The Design Research Lab is a network of people, organisations, and non-human agents engaged at the intersection of technologies, materials, and social practices. Our aim is to design socially and ecologically sustainable tools, spaces, and knowledge that support people’s participation in a digital society – based on common principles of inclusiveness and respect for the planet. This puts the basic democratic right to take part in the digital sphere into practice. We start our research from individual lifeworlds and the needs of minoritized groups, beyond consumer majorities.
We are an interdisciplinary team of designers, researchers, tech-enthusiasts and critical thinkers from Berlin University of the Arts, German Research Center for Artificial Intelligence (DFKI), Weizenbaum Institute for the Networked Society, as well as Einsteincenter Digital Future (ECDF).

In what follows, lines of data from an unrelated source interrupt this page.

(* Assume the vertex degrees of $G$ are uniformly bounded, let $\theta\in(0,1)$, and let $\rho=\lim_nR_n^{1/n}$. For every $\varepsilon>0$ there is $N$ such that for all $n\ge N$ and all $f\in\mathrm{Lip}_\theta$: $$\|\mathcal T^nf-\mathcal T^n\Pi_nf\|_\infty\le(\rho+\varepsilon)^n\theta^n\,\mathrm L_1(f),\qquad \|\mathcal T^nf-\mathcal T^n\Pi_nf\|_\theta\le(\rho+\varepsilon)^n\theta^n\,\mathrm L_1(f).$$
   Context: $G$ is a connected, locally finite graph (no loops, no multiple edges, every vertex of degree $\ge2$). $E$ oriented edges with $\iota,\tau$, opposite $\bar e$; turn $e\rightsquigarrow e'$ iff $\tau(e)=\iota(e')$, $e'\ne\bar e$. $P$ = infinite paths $(e_1,e_2,\dots)$ with $e_i\rightsquigarrow e_{i+1}$; $(\mathcal Tf)(e_1,\dots)=\sum_{e_0\rightsquigarrow e_1}f(e_0,e_1,\dots)$. $R_n=\sup_{e}\#\{(e_{-n},\dots,e_0): e_i\rightsquigarrow e_{i+1},\ e_0=e\}$. A postal code of length $m$ is a finite path $c=(c_1,\dots,c_m)$ with $c_i\rightsquigarrow c_{i+1}$; its district $P_c$ is the set of $p\in P$ beginning with $c$. For each $m$ and each postal code $c$ of length $m$ a point $p_c\in P_c$ is fixed, and $\Pi_m f$ is the function with $(\Pi_mf)(p)=f(p_c)$, $c$ the length-$m$ prefix of $p$. $d_\theta(p,p')=\theta^{k-1}$, $k=\min\{i:e_i\ne e'_i\}$; $\mathrm{Lip}_\theta$ = bounded $f$ uniformly $d_\theta$-Lipschitz on islands $\{p:\iota(e_1)=v\}$; $\mathrm L_1(f)$ = optimal Lipschitz constant over pairs with the same first edge; $\|f\|_\theta=\mathrm L_1(f)+\|f\|_\infty$. *)

From HB Require Import structures.
From mathcomp Require Import all_boot all_order all_algebra.
From mathcomp Require Import all_classical all_reals all_analysis.
Set Implicit Arguments. Unset Strict Implicit. Unset Printing Implicit Defensive.
Import Order.TTheory GRing.Theory Num.Theory.
Local Open Scope classical_set_scope.
Local Open Scope ring_scope.

Section Defs.
Variables (R : realType) (V : eqType) (nbrs : V -> seq V).

Definition isEdge (e : V * V) : bool := e.2 \in nbrs e.1.
Definition iota_ (e : V * V) : V := e.1.
Definition tau_ (e : V * V) : V := e.2.
Definition rev_edge (e : V * V) : V * V := (e.2, e.1).

Definition turn (e e' : V * V) : bool :=
  [&& isEdge e, isEdge e', tau_ e == iota_ e' & e' != rev_edge e].

(* infinite paths (e_1, e_2, ...) are indexed from 0: p 0 = e_1 *)
Definition seqE := nat -> V * V.
Definition Paths : set seqE := [set p | forall i, turn (p i) (p i.+1)].

Definition postal (c : seq (V * V)) : bool :=
  if c is c1 :: cs then isEdge c1 && path turn c1 cs else true.

Definition code_prefix (m : nat) (p : seqE) : seq (V * V) := mkseq p m.

Definition scons (e : V * V) (p : seqE) : seqE :=
  fun i => if i is k.+1 then p k else e.

(* transfer operator: (T f)(e_1,...) = sum_{e_0 ~> e_1} f(e_0,e_1,...);
   the edges e_0 with e_0 ~> e_1 are the (u, iota e_1), u neighbour of
   iota e_1, u <> tau e_1. *)
Definition transfer (f : seqE -> R) : seqE -> R :=
  fun p => \sum_(u <- nbrs (iota_ (p 0)) | u != tau_ (p 0))
             f (scons (u, iota_ (p 0)) p).

(* Pi_m f, given the chosen representatives pc c of the districts P_c *)
Definition Pi (pc : seq (V * V) -> seqE) (m : nat) (f : seqE -> R) : seqE -> R :=
  fun p => f (pc (code_prefix m p)).

(* number of (e_{-n},...,e_0) with e_i ~> e_{i+1} and e_0 = e *)
Fixpoint nback (n : nat) (e : V * V) : nat :=
  if n is k.+1 then
    \sum_(u <- nbrs (iota_ e) | u != tau_ e) nback k (u, iota_ e)
  else 1.

Definition Rn (n : nat) : R :=
  sup [set (nback n e)%:R | e in [set e | isEdge e]].

(* d_theta(p,p') = theta^(k-1), k the first (1-based) index where they differ *)
Definition dtheta (theta : R) (p q : seqE) : R :=
  match pselect (exists k, p k != q k) with
  | left H => theta ^+ ex_minn H
  | right _ => 0
  end.

Definition Lip (theta : R) (f : seqE -> R) : Prop :=
  (exists M : R, forall p, Paths p -> `|f p| <= M) /\
  (exists L : R, forall p q, Paths p -> Paths q -> iota_ (p 0) = iota_ (q 0) ->
     `|f p - f q| <= L * dtheta theta p q).

(* sup norm (over P) and optimal Lipschitz constant over pairs with the same
   first edge, as extended reals (+oo if no finite bound exists) *)
Definition normInf (f : seqE -> R) : \bar R :=
  ereal_inf [set M%:E | M in [set M : R | 0 <= M /\
     forall p, Paths p -> `|f p| <= M]].

Definition L1 (theta : R) (f : seqE -> R) : \bar R :=
  ereal_inf [set L%:E | L in [set L : R | 0 <= L /\
     forall p q, Paths p -> Paths q -> p 0 = q 0 ->
       `|f p - f q| <= L * dtheta theta p q]].

Definition normTheta (theta : R) (f : seqE -> R) : \bar R :=
  (L1 theta f + normInf f)%E.

End Defs.

(* For f Lipschitz on the path space with constant L, write g_n for the
   difference T^n f - T^n (Pi_n f).  Unfolding T^n, both terms are sums
   over the same nback(n, e_1) <= R_n backward extensions of a path p;
   the extended paths agree on their first n edges, so
     - each summand of g_n(p) compares f at two paths sharing n edges,
       hence is at most L theta^n, giving |g_n| <= R_n theta^n L;
     - for p, q with the same first edge, T^n (Pi_n f) p = T^n (Pi_n f) q,
       while the summands of T^n f p - T^n f q compare paths whose distance
       is theta^n d(p,q), giving the Lipschitz bound R_n theta^n L d(p,q).
   Taking the infimum over admissible L bounds the sup norm and L_1(g_n)
   by R_n theta^n L_1(f); finally, since R_n^(1/n) -> rho, eventually
   2 R_n <= (rho + eps)^n, which absorbs both the constant and the two
   terms of the theta-norm. *)
From HB Require Import structures.
From mathcomp Require Import all_boot all_order all_algebra.
From mathcomp Require Import all_classical all_reals all_analysis.
From mathcomp Require Import lra ring.
Set Implicit Arguments. Unset Strict Implicit. Unset Printing Implicit Defensive.
Import Order.TTheory GRing.Theory Num.Theory numFieldNormedType.Exports.
Local Open Scope classical_set_scope.
Local Open Scope ring_scope.

Section PathCombinatorics.
Variables (V : eqType) (nbrs : V -> seq V).
Hypothesis Hsym : forall u v, (u \in nbrs v) = (v \in nbrs u).

Lemma scons_path (p : seqE V) u :
  Paths nbrs p -> u \in nbrs (iota_ (p 0%N)) -> u != tau_ (p 0%N) ->
  Paths nbrs (scons (u, iota_ (p 0%N)) p).
Proof.
move=> Hp Hu Hut [|i] /=; last exact: Hp i.
have /andP[E0 _] := Hp 0%N; move: E0 Hu Hut.
rewrite /turn /isEdge /iota_ /tau_ /rev_edge; case: (p 0%N) => x y /= E0 Hu Hut.
by rewrite -Hsym Hu E0 eqxx /= xpair_eqE negb_and eq_sym Hut orbT.
Qed.

Lemma postal_prefix (p : seqE V) n :
  Paths nbrs p -> (0 < n)%N -> postal nbrs (code_prefix n p).
Proof.
move=> Hp; case: n => // n _.
have turns k m : path (turn nbrs) (p k) (map p (iota k.+1 m)).
  by elim: m k => // m IH k /=; rewrite Hp IH.
by rewrite /code_prefix /mkseq /=; have /andP[-> _] := Hp 0%N; exact: turns.
Qed.

Lemma code_prefix_agree (p q : seqE V) n :
  (forall i, (i < n)%N -> p i = q i) -> code_prefix n p = code_prefix n q.
Proof.
move=> Hag; apply/eq_in_map => i.
by rewrite mem_iota add0n => /andP[_ /Hag].
Qed.

End PathCombinatorics.

Section IteratedTransfer.
Variables (R : realType) (V : eqType) (nbrs : V -> seq V).
Hypothesis Hsym : forall u v, (u \in nbrs v) = (v \in nbrs u).

(* Fundamental estimate: T^n h1 p - T^n h2 q is a sum of nback(n, e_1)
   differences h1 p' - h2 q', where p', q' are paths extending p, q backwards
   by the same n edges. *)
Lemma iter_transfer_diff n (h1 h2 : seqE V -> R) (B : R) (p q : seqE V) :
  Paths nbrs p -> Paths nbrs q -> p 0%N = q 0%N ->
  (forall p' q', Paths nbrs p' -> Paths nbrs q' ->
     (forall i, (i < n)%N -> p' i = q' i) ->
     (forall i, p' (n + i)%N = p i /\ q' (n + i)%N = q i) ->
     `|h1 p' - h2 q'| <= B) ->
  `|iter n (transfer nbrs) h1 p - iter n (transfer nbrs) h2 q|
    <= (nback nbrs n (p 0%N))%:R * B.
Proof.
elim: n h1 h2 B p q => [|n IH] h1 h2 B p q Hp Hq Hpq H.
  by rewrite /= mul1r; apply: H => // i; rewrite add0n.
rewrite !iterS /transfer -Hpq -sumrB /= natr_sum mulr_suml.
apply: le_trans (ler_norm_sum _ _ _) _.
rewrite big_seq_cond [X in _ <= X]big_seq_cond; apply: ler_sum => u /andP[Hu Hut].
apply: IH => //; first exact: scons_path.
  by rewrite Hpq; apply: scons_path; rewrite -?Hpq.
move=> p' q' Hp' Hq' Hag Hsh; apply: H => // [i|i].
  rewrite ltnS leq_eqVlt => /orP[/eqP ->|]; last exact: Hag.
  by have [] := Hsh 0%N; rewrite addn0 /= => -> ->.
by have := Hsh i.+1; rewrite addnS addSn.
Qed.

For making a phone call, there are two major reasons. The first reason is information exchange – and speech, as mobile phones in their current form enable it, is well-suited for that. The second reason, however, is a need for nearness – it is the need for being in touch. To explore this field, we developed three prototypes that investigate future visions of physically being in touch through mobile phones.
We propose three new channels of communication for mobile phones – tightness, moisture and airflow. All means are explored through mobile phone-shaped and -sized boxes, which are equipped with the necessary actuators.
Tightness
The ‘grasping mobile’ is equipped with a motor on its inside that allows for a widening loop to be extended and pulled towards the mobile phone’s back side. This loop can be placed around the user’s hand, allowing for an actuation of tightness.
For instance, this system enables users to telecommunicate through hand grasp while talking. Through force sensors on the phone’s sides the grasp’s intensity can be sensed, and is then reproduced by the loop around the other user’s hand. The system also allows for drop prevention through software-controlled adhesiveness. For instance, the phone can be affixed to the user’s hand while engaging in bodily activities, while making privacy-critical actions, or while playing a game that requires movements of the phone.
Wetness
The ‘crying phone’ is an investigation into moisture as a means of interaction in mobile phones. It is equipped with a semipermeable membrane and a motorized sponge that can be pressed against the membrane.
The sponge is connected to a nearby water pump, and a moisture sensor on the phone’s front side serves as the corresponding input. The system allows for the usage of liquids as an interactive means, and also can telecommunicate a kiss over a distance.
Airflow
This prototype – the ‘whispering phone’ – is equipped with a set of air jets, allowing for a different types of air stream output. The jets allow for the reproduction of the caller’s nostril airstreams and for the air involved in speech (including guttural and plosive sounds).
The air jet can also be used as a system for tactile feedback, to reject the user’s finger (e.g. when performing a critical action, such as deleting a file or contact) or to attract the user’s finger (e.g. as a guide towards an action that is recommended, such as confirming a default setting).
Combined with the phone’s microphone, to serve as a distance sensor for the user’s finger with active haptic feedback.